## BRIEF
Only the lines from the one containing "Lemma star_idem E" to the end of the entries should be written out, each exactly as it stands, both ends included.

Collected data entries
(* Let $D$ be an integral domain and $D\subseteq T\subseteq S$ overrings of $D$. (b) Let $\star,\star',\star''$ be semistar operations on $D,T,S$ respectively. If $S$ is $(\star',\star'')$-flat over $T$ and $T$ is $(\star,\star')$-flat over $D$, then $S$ is $(\star,\star'')$-flat over $D$. (e) Let $\star_1,\star_2$ be semistar operations on $D$ with $(\star_1)_f\le(\star_2)_f$ and $\star'$ a semistar operation on $T$. If $T$ is $(\star_2,\star')$-flat over $D$, then $T$ is $(\star_1,\star')$-flat over $D$. In particular, if $\star$ is a semistar operation on $D$ with $D^\star=D$, then $T$ is $t$-flat over $(D,\star)$ if and only if $T$ is $t$-flat over $D$. (h) Let $\star,\star',\star''$ be semistar operations on $D,T,S$ respectively, and assume $S$ is $(\star,\star'')$-flat over $D$. Then $S$ is $(\star',\star'')$-flat over $T$ if and only if $S$ is $(\star',\star'')$-linked to $T$.
   Context: Let $D$ be an integral domain with quotient field $K$. $\overline{\mathbf F}(D)$ denotes the set of all nonzero $D$-submodules of $K$ and $\mathbf f(D)$ the set of nonzero finitely generated $D$-submodules of $K$. A semistar operation on $D$ is a map $\star:\overline{\mathbf F}(D)\to\overline{\mathbf F}(D)$, $E\mapsto E^\star$, such that for all $0\ne x\in K$ and $E,F\in\overline{\mathbf F}(D)$: (1) $(xE)^\star=xE^\star$; (2) $E\subseteq F\Rightarrow E^\star\subseteq F^\star$; (3) $E\subseteq E^\star$ and $(E^\star)^\star=E^\star$. $\star_1\le\star_2$ means $E^{\star_1}\subseteq E^{\star_2}$ for all $E$. $\star_f$ is defined by $E^{\star_f}=\bigcup\{F^\star:F\in\mathbf f(D),F\subseteq E\}$. A nonzero ideal $I$ of $D$ is a quasi-$\star$-ideal if $I^\star\cap D=I$; a quasi-$\star$-prime is a prime quasi-$\star$-ideal. An overring of $D$ is a ring $T$ with $D\subseteq T\subseteq K$; all notions are defined analogously on $T$ (and on overrings of $T$ relative to $T$). For an overring $T$, $v_T$ is $E\mapsto(T:_K(T:_KE))$ and $t_T:=(v_T)_f$. $T$ is $(\star,\star')$-linked to $D$ if for every nonzero finitely generated ideal $F\subseteq D$ with $F^\star=D^\star$ one has $(FT)^{\star'}=T^{\star'}$. $T$ is $(\star,\star')$-flat over $D$ if $T$ is $(\star,\star')$-linked to $D$ and $D_{Q\cap D}=T_Q$ for every quasi-$\star'_f$-prime ideal $Q$ of $T$. $T$ is $t$-flat over $(D,\star)$ if it is $(\star,t_T)$-flat over $D$, and $t$-flat over $D$ if it is $(t_D,t_T)$-flat over $D$. *)

From mathcomp Require Import all_boot all_algebra.
Set Implicit Arguments.
Unset Strict Implicit.
Unset Printing Implicit Defensive.
Import GRing.Theory.
Local Open Scope ring_scope.

(* Everything lives inside a fixed field K, the quotient field of D. A semistar operation is a map on
   predicates whose axioms are required on F-bar(R) only. *)

Section Defs.
Variable K : fieldType.

Definition subset (A B : K -> Prop) := forall x, A x -> B x.
Definition seteq (A B : K -> Prop) := forall x, A x <-> B x.
Definition inter (A B : K -> Prop) := fun x => A x /\ B x.

Definition subring (R : K -> Prop) :=
  [/\ R 0, R 1, (forall x y, R x -> R y -> R (x - y))
    & (forall x y, R x -> R y -> R (x * y))].

Definition is_quotient_field_of (D : K -> Prop) :=
  forall x : K, exists a b, [/\ D a, D b, b != 0 & x = a / b].

Definition overring (D T : K -> Prop) := subring T /\ subset D T.

Definition submodule (R E : K -> Prop) :=
  [/\ E 0, (forall x y, E x -> E y -> E (x + y))
    & (forall r x, R r -> E x -> E (r * x))].
Definition nonzero (E : K -> Prop) := exists x, E x /\ x != 0.
Definition Fbar (R E : K -> Prop) := submodule R E /\ nonzero E.

Fixpoint span (R : K -> Prop) (s : seq K) : K -> Prop :=
  match s with
  | [::] => fun x => x = 0
  | a :: s' => fun x => exists r y, [/\ R r, span R s' y & x = r * a + y]
  end.
Definition fin_gen (R E : K -> Prop) := exists s, seteq E (span R s).
Definition ffg (R E : K -> Prop) := Fbar R E /\ fin_gen R E.

Definition scale (x : K) (E : K -> Prop) := fun y => exists e, E e /\ y = x * e.

Definition semistar (R : K -> Prop) (st : (K -> Prop) -> (K -> Prop)) :=
  [/\ (forall E, Fbar R E -> Fbar R (st E)),
      (forall x E, x != 0 -> Fbar R E -> seteq (st (scale x E)) (scale x (st E))),
      (forall E F, Fbar R E -> Fbar R F -> subset E F -> subset (st E) (st F))
    & (forall E, Fbar R E -> subset E (st E) /\ seteq (st (st E)) (st E))].

Definition star_f (R : K -> Prop) (st : (K -> Prop) -> (K -> Prop)) :=
  fun E => fun x => exists F, [/\ ffg R F, subset F E & st F x].

Definition le_star (R : K -> Prop) (st1 st2 : (K -> Prop) -> (K -> Prop)) :=
  forall E, Fbar R E -> subset (st1 E) (st2 E).

Definition ideal (R I : K -> Prop) := submodule R I /\ subset I R.
Definition prime_ideal (R P : K -> Prop) :=
  [/\ ideal R P, exists x, R x /\ ~ P x
    & forall x y, R x -> R y -> P (x * y) -> P x \/ P y].
Definition quasi_ideal (R : K -> Prop) st (I : K -> Prop) :=
  [/\ ideal R I, nonzero I & seteq (inter (st I) R) I].
Definition quasi_prime (R : K -> Prop) st (P : K -> Prop) :=
  quasi_ideal R st P /\ prime_ideal R P.

Definition extend (T F : K -> Prop) := fun x =>
  exists s : seq (K * K), (forall p, p \in s -> F p.1 /\ T p.2) /\
                          x = \sum_(p <- s) p.1 * p.2.

Definition loc (R P : K -> Prop) := fun x =>
  exists a b, [/\ R a, R b, ~ P b & x = a / b].

Definition linked (D T : K -> Prop) st st' :=
  forall F, ideal D F -> nonzero F -> fin_gen D F ->
    seteq (st F) (st D) -> seteq (st' (extend T F)) (st' T).

Definition flat (D T : K -> Prop) st st' :=
  linked D T st st' /\
  forall Q, quasi_prime T (star_f T st') Q -> seteq (loc D (inter Q D)) (loc T Q).

Definition colon (T E : K -> Prop) := fun x => forall e, E e -> T (x * e).
Definition vop (T : K -> Prop) := fun E => colon T (colon T E).
Definition top (T : K -> Prop) := star_f T (vop T).

Definition t_flat_over (D T : K -> Prop) st := flat D T st (top T).
Definition t_flat (D T : K -> Prop) := flat D T (top D) (top T).

End Defs.

From Pilot Require Import Defs.
From mathcomp Require Import all_boot all_algebra.
From mathcomp Require Import ring.
From mathcomp Require boolp classical_sets.
From Stdlib Require Import Classical.
Import Pilot.Defs.
Set Implicit Arguments.
Unset Strict Implicit.
Unset Printing Implicit Defensive.
Import GRing.Theory.
Local Open Scope ring_scope.

(* The engine is that the finite-type companion [star_f R st] of a semistar
   operation is again a finite-type closure (monotone, idempotent, compatible
   with scaling), so by Zorn every nonzero ideal [I] with [1 \notin I^{st_f}]
   lies in an ideal maximal for this property, and such a maximal ideal is a
   quasi-[st_f]-prime.

   (b): for a quasi-[st''_f]-prime [Q] of [S], linkedness of [S] over [T] makes
   [Q \cap T] non-[st'_f]-full, so it lies in a quasi-[st'_f]-prime [M] of [T];
   as [T \subseteq T_M = D_{M \cap D}], every fraction of [S_Q = T_{Q \cap T}]
   can be rewritten with numerator and denominator in [D].
   (e): only linkedness depends on the operation on [D], and for finitely
   generated [F], [1 \in F^{st_1}] gives [1 \in F^{(st_1)_f} \subseteq F^{st_2}].
   "In particular": if [D^st = D] then [st \le v_D], which gives one direction
   by (e); conversely, if [y (FT) \subseteq T] with [y \notin T], the conductor
   [{t | t y \in T}] lies in a quasi-[t]-prime [M] of [T], and clearing
   denominators in [D_{M \cap D} = T_M] puts [u y] in [F^{-1} = D] for some
   [u \notin M]; then [y = a/b] with [b \notin M], yet [b] lies in the conductor.
   (h): [D_{Q \cap D} \subseteq T_{Q \cap T} \subseteq S_Q]. *)

Section Modules.
Variable K : fieldType.
Implicit Types (R T E F G : K -> Prop) (s : seq K).

Lemma subring0 R : subring R -> R 0. Proof. by case. Qed.
Lemma subring1 R : subring R -> R 1. Proof. by case. Qed.
Lemma subringB R x y : subring R -> R x -> R y -> R (x - y).
Proof. by case=> _ _ H _; apply: H. Qed.
Lemma subringM R x y : subring R -> R x -> R y -> R (x * y).
Proof. by case=> _ _ _ H; apply: H. Qed.
Lemma subringD R x y : subring R -> R x -> R y -> R (x + y).
Proof.
move=> HR Hx Hy; rewrite -[y]opprK -[- y]sub0r.
by apply: subringB => //; apply: subringB => //; apply: subring0.
Qed.

Lemma submodule0 R E : submodule R E -> E 0. Proof. by case. Qed.
Lemma submoduleD R E x y : submodule R E -> E x -> E y -> E (x + y).
Proof. by case=> _ H _; apply: H. Qed.
Lemma submoduleZ R E r x : submodule R E -> R r -> E x -> E (r * x).
Proof. by case=> _ _ H; apply: H. Qed.

Lemma submodule_ring R : subring R -> submodule R R.
Proof.
by move=> HR; split=> [|x y|r x]; [apply: subring0 | apply: subringD | apply: subringM].
Qed.

Lemma Fbar_ring R : subring R -> Fbar R R.
Proof.
move=> HR; split; first exact: submodule_ring.
by exists 1; split; [apply: subring1 | apply: oner_neq0].
Qed.

Lemma submodule_sub R T E : subset R T -> submodule T E -> submodule R E.
Proof. by move=> RT [H0 HD HZ]; split=> // r x /RT; apply: HZ. Qed.

Lemma submodule_seteq R E F : seteq E F -> submodule R E -> submodule R F.
Proof.
move=> EF [H0 HD HZ]; split; first exact/EF.
- by move=> a b /EF Ha /EF Hb; apply/EF; apply: HD.
- by move=> r a Hr /EF Ha; apply/EF; apply: HZ.
Qed.

Lemma sub_submodule_of1 R E : subring R -> submodule R E -> E 1 -> subset R E.
Proof. by move=> HR HE E1 r Hr; rewrite -[r]mulr1; apply: submoduleZ HE Hr E1. Qed.

Lemma submodule_scale R y E : submodule R E -> submodule R (scale y E).
Proof.
move=> [H0 HD HZ]; split.
- by exists 0; rewrite mulr0.
- by move=> _ _ [a [Ha ->]] [b [Hb ->]]; exists (a + b); rewrite mulrDr; split => //; apply: HD.
- by move=> r _ Hr [a [Ha ->]]; exists (r * a); rewrite mulrCA; split => //; apply: HZ.
Qed.

Lemma Fbar_scale R y E : y != 0 -> Fbar R E -> Fbar R (scale y E).
Proof.
move=> yn [HE [e [He en]]]; split; first exact: submodule_scale.
by exists (y * e); split; [exists e | rewrite mulf_neq0].
Qed.

Lemma span_submodule R s : subring R -> submodule R (span R s).
Proof.
move=> HR; elim: s => [|a s [IH0 IHD IHZ]] /=.
  by split=> [|x y -> ->|r x _ ->]; rewrite ?addr0 ?mulr0.
split.
- by exists 0, 0; split => //; [apply: subring0 | rewrite mul0r addr0].
- move=> _ _ [r1 [y1 [Hr1 Hy1 ->]]] [r2 [y2 [Hr2 Hy2 ->]]].
  by exists (r1 + r2), (y1 + y2); split; [apply: subringD | apply: IHD | ring].
- move=> r _ Hr [r1 [y1 [Hr1 Hy1 ->]]].
  by exists (r * r1), (r * y1); split; [apply: subringM | apply: IHZ | ring].
Qed.

Lemma mem_span R s a : subring R -> a \in s -> span R s a.
Proof.
move=> HR; elim: s => //= b s IH; rewrite inE => /predU1P [-> | Ha].
  by exists 1, 0; split; [apply: subring1 | apply: submodule0 (span_submodule s HR) | ring].
by exists 0, a; split; [apply: subring0 | apply: IH | ring].
Qed.

Lemma span_min R E s : subring R -> submodule R E -> {in s, forall a, E a} ->
  subset (span R s) E.
Proof.
move=> HR HE; elim: s => [|a s IH] Es x /=; first by move=> ->; apply: submodule0 HE.
move=> [r [y [Hr Hy ->]]]; apply: (submoduleD HE).
  by apply: (submoduleZ HE Hr); apply: Es; rewrite inE eqxx.
by apply: IH Hy => b Hb; apply: Es; rewrite inE Hb orbT.
Qed.

Lemma span_subset R s1 s2 : subring R -> {subset s1 <= s2} ->
  subset (span R s1) (span R s2).
Proof.
move=> HR s12; apply: (span_min HR (span_submodule _ HR)) => a /s12.
exact: mem_span.
Qed.

Lemma scale_span R y s : subring R ->
  seteq (scale y (span R s)) (span R (map (fun a => y * a) s)).
Proof.
move=> HR x; split.
  move=> [g [Hg ->]]; elim: s g Hg => [|a s IH] g /=; first by move=> ->; rewrite mulr0.
  move=> [r [z [Hr Hz ->]]]; exists r, (y * z); split => //; first exact: IH.
  ring.
apply: (span_min HR (submodule_scale y (span_submodule s HR))) => _ /mapP [a Ha ->].
by exists a; split => //; apply: mem_span.
Qed.

Lemma ffg_span R s a : subring R -> a \in s -> a != 0 -> ffg R (span R s).
Proof.
move=> HR Ha an; split; last by exists s.
by split; [apply: span_submodule | exists a; split => //; apply: mem_span].
Qed.

Lemma ffg_ring R : subring R -> ffg R R.
Proof.
move=> HR; split; first exact: Fbar_ring.
exists [:: 1] => x /=; split; first by exists x, 0; rewrite mulr1 addr0.
by move=> [r [y [Hr -> ->]]]; rewrite mulr1 addr0.
Qed.

Lemma ffg_join R E F1 F2 : subring R -> submodule R E -> ffg R F1 -> ffg R F2 ->
  subset F1 E -> subset F2 E ->
  exists H, [/\ ffg R H, subset H E, subset F1 H & subset F2 H].
Proof.
move=> HR HE [[_ [x [F1x xn]]] [s1 Fs1]] [_ [s2 Fs2]] F1E F2E.
have F1H : subset F1 (span R (s1 ++ s2)).
  by move=> y /Fs1; apply: span_subset => // a Ha; rewrite mem_cat Ha.
have F2H : subset F2 (span R (s1 ++ s2)).
  by move=> y /Fs2; apply: span_subset => // a Ha; rewrite mem_cat Ha orbT.
exists (span R (s1 ++ s2)); split => //.
  split; last by exists (s1 ++ s2).
  by split; [apply: span_submodule | exists x; split => //; apply: F1H].
apply: span_min => // a; rewrite mem_cat => /orP [] /(mem_span HR).
  by move/Fs1/F1E.
by move/Fs2/F2E.
Qed.

End Modules.

Section Semistar.
Variables (K : fieldType) (R : K -> Prop) (st : (K -> Prop) -> K -> Prop).
Hypotheses (HR : subring R) (Hst : semistar R st).
Implicit Types (E F G : K -> Prop) (s : seq K).

Lemma star_Fbar E : Fbar R E -> Fbar R (st E).
Proof. by case: Hst => H _ _ _; apply: H. Qed.

Lemma star_submodule E : Fbar R E -> submodule R (st E).
Proof. by case/star_Fbar. Qed.

Lemma star_mono E F : Fbar R E -> Fbar R F -> subset E F -> subset (st E) (st F).
Proof. by case: Hst => _ _ H _; apply: H. Qed.

Lemma star_ext E : Fbar R E -> subset E (st E).
Proof. by case: Hst => _ _ _ H /H []. Qed.

Lemma star_idem E : Fbar R E -> subset (st (st E)) (st E).
Proof. by case: Hst => _ _ _ H /H [_ H2] x /H2. Qed.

## RESULT OF THE TASK
Lemma star_idem E : Fbar R E -> subset (st (st E)) (st E).
Proof. by case: Hst => _ _ _ H /H [_ H2] x /H2. Qed.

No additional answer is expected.